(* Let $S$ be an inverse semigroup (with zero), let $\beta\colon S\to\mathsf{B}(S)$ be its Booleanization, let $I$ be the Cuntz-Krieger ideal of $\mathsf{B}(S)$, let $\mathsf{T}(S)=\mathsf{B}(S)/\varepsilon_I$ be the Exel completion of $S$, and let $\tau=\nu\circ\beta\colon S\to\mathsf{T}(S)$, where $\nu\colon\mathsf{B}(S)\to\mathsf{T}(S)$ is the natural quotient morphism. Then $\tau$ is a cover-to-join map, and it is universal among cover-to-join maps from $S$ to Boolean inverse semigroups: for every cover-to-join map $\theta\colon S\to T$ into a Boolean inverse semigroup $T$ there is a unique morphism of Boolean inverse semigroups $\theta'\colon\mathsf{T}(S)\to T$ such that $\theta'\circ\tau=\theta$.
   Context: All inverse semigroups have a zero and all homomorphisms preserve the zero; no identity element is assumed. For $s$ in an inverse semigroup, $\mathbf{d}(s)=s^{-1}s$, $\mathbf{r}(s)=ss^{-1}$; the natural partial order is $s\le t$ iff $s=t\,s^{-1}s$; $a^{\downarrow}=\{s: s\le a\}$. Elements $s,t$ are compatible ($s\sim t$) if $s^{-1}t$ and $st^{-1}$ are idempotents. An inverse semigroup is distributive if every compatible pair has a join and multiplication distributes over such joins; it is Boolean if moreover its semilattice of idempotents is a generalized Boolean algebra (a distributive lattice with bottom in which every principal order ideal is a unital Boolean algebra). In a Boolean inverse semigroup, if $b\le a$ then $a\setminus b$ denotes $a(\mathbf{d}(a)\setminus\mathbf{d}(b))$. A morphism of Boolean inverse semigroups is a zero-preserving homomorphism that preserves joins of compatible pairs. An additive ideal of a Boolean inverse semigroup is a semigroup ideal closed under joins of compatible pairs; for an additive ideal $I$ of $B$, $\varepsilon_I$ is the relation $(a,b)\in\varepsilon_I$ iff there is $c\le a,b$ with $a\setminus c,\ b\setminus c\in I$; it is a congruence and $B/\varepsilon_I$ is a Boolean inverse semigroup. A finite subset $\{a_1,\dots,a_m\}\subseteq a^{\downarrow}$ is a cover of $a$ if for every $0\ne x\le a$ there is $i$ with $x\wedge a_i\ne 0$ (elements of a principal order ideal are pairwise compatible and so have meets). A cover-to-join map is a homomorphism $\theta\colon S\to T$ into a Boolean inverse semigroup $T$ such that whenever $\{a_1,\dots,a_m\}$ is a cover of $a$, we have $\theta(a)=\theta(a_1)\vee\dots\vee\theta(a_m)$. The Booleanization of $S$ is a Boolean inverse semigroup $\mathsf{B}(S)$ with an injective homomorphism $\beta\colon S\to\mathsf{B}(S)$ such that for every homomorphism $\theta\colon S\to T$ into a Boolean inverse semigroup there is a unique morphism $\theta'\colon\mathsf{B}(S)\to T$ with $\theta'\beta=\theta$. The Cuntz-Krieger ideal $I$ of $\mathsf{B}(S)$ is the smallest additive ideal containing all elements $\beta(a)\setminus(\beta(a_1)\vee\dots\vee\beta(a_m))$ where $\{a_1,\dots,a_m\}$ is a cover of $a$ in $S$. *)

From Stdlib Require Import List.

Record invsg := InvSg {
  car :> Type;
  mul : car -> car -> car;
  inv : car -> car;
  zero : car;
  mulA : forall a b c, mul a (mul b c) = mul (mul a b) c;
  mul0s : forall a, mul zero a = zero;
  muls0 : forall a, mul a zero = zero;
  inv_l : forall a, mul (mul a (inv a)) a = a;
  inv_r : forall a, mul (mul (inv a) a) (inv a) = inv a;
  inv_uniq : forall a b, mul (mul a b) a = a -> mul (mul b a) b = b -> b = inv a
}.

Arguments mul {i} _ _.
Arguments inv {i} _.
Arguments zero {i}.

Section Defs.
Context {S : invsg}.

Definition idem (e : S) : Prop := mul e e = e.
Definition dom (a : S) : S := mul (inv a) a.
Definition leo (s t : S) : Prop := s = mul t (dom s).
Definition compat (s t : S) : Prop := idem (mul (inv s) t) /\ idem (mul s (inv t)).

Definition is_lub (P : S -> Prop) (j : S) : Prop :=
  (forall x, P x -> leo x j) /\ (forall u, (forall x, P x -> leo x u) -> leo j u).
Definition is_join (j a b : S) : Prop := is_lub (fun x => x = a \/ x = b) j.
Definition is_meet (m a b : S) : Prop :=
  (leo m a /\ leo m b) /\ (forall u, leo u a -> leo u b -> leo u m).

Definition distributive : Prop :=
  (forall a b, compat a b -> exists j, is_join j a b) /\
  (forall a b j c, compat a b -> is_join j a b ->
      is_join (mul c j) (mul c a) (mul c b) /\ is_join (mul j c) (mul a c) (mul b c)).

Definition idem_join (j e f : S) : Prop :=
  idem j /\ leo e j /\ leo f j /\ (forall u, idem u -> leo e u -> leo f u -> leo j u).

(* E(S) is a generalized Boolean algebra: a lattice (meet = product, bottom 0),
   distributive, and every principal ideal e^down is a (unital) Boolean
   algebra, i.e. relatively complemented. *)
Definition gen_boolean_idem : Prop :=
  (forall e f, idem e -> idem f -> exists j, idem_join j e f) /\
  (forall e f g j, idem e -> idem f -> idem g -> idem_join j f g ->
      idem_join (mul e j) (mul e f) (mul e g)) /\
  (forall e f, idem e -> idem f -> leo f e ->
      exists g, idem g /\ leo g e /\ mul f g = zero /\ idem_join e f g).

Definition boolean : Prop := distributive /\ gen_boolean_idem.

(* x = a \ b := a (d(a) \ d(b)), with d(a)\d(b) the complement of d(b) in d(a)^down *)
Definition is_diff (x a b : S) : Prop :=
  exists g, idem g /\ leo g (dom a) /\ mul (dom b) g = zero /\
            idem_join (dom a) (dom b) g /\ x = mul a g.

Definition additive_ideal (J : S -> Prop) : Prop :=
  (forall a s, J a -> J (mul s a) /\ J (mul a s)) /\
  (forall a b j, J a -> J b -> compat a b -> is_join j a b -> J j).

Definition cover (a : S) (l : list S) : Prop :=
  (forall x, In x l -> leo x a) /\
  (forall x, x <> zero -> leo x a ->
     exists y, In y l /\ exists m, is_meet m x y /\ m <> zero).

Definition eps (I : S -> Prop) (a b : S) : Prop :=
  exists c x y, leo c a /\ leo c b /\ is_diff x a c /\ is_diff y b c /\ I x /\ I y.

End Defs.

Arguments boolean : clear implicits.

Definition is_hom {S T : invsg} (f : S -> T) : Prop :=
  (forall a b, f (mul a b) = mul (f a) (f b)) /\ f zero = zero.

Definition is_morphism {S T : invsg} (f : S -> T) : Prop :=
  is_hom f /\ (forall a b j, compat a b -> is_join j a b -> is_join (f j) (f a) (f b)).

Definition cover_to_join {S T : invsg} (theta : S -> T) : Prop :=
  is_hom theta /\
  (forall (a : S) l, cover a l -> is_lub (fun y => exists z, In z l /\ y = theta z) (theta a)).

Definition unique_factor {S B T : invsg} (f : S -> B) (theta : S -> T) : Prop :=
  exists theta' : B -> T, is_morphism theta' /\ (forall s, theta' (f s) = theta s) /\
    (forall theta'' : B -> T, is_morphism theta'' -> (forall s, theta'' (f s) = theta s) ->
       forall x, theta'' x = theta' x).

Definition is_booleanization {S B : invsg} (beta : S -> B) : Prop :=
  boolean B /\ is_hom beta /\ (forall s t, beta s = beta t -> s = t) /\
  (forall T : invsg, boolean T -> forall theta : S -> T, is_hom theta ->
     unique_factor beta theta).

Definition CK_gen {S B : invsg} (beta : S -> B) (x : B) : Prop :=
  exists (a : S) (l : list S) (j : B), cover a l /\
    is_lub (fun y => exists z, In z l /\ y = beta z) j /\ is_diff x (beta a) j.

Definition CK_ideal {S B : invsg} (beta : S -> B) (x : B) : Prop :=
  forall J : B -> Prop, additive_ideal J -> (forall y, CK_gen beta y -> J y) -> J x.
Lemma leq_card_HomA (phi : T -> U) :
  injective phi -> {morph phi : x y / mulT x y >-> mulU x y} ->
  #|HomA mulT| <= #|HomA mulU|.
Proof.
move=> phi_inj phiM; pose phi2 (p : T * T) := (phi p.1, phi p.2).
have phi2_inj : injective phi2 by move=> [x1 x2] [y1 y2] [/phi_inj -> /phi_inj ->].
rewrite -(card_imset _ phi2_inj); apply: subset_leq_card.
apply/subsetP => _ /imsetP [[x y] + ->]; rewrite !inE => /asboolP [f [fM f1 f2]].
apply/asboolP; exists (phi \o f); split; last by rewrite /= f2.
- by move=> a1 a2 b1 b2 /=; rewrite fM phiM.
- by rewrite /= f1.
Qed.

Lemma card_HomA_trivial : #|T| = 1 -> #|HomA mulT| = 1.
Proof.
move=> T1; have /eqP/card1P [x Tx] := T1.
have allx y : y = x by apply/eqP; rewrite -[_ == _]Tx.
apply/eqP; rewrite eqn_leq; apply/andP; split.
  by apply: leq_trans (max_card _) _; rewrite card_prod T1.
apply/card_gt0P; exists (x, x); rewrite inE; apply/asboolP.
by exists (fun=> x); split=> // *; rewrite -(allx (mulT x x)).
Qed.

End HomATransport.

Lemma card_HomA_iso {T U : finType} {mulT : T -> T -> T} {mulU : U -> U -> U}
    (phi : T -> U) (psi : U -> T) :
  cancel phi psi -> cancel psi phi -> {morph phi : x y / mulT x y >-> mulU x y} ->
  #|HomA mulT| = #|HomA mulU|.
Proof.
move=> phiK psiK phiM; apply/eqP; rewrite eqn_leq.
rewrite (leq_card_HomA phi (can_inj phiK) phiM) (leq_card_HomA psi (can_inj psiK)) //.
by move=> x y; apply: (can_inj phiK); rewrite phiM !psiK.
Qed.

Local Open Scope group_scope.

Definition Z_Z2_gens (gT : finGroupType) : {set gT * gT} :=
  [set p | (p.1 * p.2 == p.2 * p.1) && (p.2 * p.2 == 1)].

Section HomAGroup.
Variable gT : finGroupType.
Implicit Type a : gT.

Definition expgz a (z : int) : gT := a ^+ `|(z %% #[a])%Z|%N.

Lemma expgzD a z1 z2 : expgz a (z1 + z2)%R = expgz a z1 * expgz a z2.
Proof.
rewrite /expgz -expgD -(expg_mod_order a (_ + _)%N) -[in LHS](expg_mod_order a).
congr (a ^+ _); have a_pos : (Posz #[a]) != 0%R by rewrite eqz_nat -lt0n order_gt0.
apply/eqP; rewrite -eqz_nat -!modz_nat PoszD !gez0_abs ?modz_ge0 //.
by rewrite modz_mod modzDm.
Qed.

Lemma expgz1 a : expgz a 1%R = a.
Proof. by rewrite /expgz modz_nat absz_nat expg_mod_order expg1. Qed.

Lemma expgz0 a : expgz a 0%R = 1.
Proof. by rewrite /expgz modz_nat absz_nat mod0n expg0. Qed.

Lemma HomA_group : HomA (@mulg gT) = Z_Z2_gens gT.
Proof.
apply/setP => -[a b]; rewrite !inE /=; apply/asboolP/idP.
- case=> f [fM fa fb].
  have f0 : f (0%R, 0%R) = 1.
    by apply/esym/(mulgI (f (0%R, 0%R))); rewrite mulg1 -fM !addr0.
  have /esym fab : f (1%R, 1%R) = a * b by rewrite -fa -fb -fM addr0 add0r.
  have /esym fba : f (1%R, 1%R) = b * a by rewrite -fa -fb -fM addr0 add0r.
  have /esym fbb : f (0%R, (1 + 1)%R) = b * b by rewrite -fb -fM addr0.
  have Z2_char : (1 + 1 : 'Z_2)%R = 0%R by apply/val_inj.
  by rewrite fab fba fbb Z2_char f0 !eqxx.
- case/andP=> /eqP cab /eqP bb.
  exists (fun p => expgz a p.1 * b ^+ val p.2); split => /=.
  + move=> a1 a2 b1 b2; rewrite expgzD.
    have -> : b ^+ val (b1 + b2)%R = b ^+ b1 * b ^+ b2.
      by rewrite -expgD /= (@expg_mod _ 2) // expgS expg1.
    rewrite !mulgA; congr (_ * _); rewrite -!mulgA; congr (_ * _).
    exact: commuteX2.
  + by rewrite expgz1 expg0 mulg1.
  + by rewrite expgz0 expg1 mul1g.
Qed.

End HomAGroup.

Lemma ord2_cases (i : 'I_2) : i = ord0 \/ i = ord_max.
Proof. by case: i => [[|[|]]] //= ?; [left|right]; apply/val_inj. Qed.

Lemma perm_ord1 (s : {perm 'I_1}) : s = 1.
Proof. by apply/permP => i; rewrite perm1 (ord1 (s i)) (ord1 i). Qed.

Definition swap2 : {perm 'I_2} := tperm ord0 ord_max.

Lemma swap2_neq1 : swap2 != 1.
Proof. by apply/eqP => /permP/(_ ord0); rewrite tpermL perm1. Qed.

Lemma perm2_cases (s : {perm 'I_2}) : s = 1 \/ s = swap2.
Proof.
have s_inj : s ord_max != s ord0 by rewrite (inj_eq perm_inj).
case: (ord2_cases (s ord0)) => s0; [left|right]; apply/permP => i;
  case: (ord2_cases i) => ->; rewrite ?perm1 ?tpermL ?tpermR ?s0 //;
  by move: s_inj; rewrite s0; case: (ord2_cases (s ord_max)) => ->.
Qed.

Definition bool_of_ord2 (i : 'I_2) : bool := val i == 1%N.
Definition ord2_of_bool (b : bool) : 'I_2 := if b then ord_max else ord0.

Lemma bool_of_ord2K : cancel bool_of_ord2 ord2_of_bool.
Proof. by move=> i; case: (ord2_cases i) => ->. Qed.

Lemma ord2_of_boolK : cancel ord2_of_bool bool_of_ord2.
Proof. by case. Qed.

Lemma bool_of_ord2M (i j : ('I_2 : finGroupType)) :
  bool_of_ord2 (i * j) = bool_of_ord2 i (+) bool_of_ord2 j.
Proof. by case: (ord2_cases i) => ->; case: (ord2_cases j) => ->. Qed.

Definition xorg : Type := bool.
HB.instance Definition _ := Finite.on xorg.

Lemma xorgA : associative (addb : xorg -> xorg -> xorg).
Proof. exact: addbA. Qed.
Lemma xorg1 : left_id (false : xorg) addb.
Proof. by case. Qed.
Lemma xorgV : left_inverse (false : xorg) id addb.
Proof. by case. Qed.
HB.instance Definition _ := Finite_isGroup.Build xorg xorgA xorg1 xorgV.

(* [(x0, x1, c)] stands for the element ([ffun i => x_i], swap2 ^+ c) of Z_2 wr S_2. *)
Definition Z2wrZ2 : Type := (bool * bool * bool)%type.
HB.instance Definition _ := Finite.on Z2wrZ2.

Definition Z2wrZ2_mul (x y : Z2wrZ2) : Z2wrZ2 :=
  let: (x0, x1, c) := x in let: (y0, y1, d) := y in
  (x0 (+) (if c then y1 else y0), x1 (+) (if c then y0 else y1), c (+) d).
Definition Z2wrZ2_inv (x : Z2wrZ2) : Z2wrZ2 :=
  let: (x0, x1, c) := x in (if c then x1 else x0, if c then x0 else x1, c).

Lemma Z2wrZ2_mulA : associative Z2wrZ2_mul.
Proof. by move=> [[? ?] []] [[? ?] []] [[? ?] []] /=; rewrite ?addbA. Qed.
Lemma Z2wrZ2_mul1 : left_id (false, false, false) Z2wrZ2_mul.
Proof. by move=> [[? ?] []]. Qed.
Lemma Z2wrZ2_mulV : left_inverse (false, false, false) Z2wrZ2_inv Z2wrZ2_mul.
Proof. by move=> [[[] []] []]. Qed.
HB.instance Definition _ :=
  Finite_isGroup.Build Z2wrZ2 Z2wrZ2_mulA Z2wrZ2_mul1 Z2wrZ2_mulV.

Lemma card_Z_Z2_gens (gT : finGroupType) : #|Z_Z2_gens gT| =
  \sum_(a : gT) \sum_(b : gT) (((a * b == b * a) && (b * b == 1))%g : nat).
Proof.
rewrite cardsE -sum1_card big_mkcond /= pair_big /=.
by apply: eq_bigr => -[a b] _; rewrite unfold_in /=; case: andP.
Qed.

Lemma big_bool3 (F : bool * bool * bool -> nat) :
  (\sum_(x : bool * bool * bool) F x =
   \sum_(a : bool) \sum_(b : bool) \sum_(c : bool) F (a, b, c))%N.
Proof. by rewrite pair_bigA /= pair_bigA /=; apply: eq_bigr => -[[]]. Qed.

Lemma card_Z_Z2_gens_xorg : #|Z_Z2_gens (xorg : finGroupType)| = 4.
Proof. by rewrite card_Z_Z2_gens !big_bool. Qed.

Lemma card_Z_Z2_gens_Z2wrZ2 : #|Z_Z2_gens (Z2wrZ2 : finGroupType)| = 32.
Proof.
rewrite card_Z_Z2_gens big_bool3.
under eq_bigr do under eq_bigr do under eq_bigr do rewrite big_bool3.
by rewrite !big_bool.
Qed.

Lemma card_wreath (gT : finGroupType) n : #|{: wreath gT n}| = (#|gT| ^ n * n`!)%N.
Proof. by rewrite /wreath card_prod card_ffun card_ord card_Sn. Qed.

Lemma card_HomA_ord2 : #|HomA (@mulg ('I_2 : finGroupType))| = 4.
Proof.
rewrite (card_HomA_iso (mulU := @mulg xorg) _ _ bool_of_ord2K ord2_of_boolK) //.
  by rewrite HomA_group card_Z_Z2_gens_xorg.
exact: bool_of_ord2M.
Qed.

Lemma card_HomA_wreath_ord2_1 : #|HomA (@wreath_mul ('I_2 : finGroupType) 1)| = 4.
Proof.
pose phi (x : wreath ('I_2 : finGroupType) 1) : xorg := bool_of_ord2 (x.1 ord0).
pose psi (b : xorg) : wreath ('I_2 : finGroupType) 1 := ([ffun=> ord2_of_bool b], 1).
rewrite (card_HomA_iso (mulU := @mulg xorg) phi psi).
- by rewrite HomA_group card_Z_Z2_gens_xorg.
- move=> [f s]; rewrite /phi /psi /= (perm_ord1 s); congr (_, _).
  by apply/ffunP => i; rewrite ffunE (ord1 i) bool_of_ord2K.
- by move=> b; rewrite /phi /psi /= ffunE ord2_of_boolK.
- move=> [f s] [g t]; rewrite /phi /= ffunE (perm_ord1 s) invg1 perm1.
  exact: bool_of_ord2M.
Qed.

----------------------------------------

### The task:
Within the records above, tally the lines that contain "phiK". Give the total and nothing more.

### Answer to this exercise:
3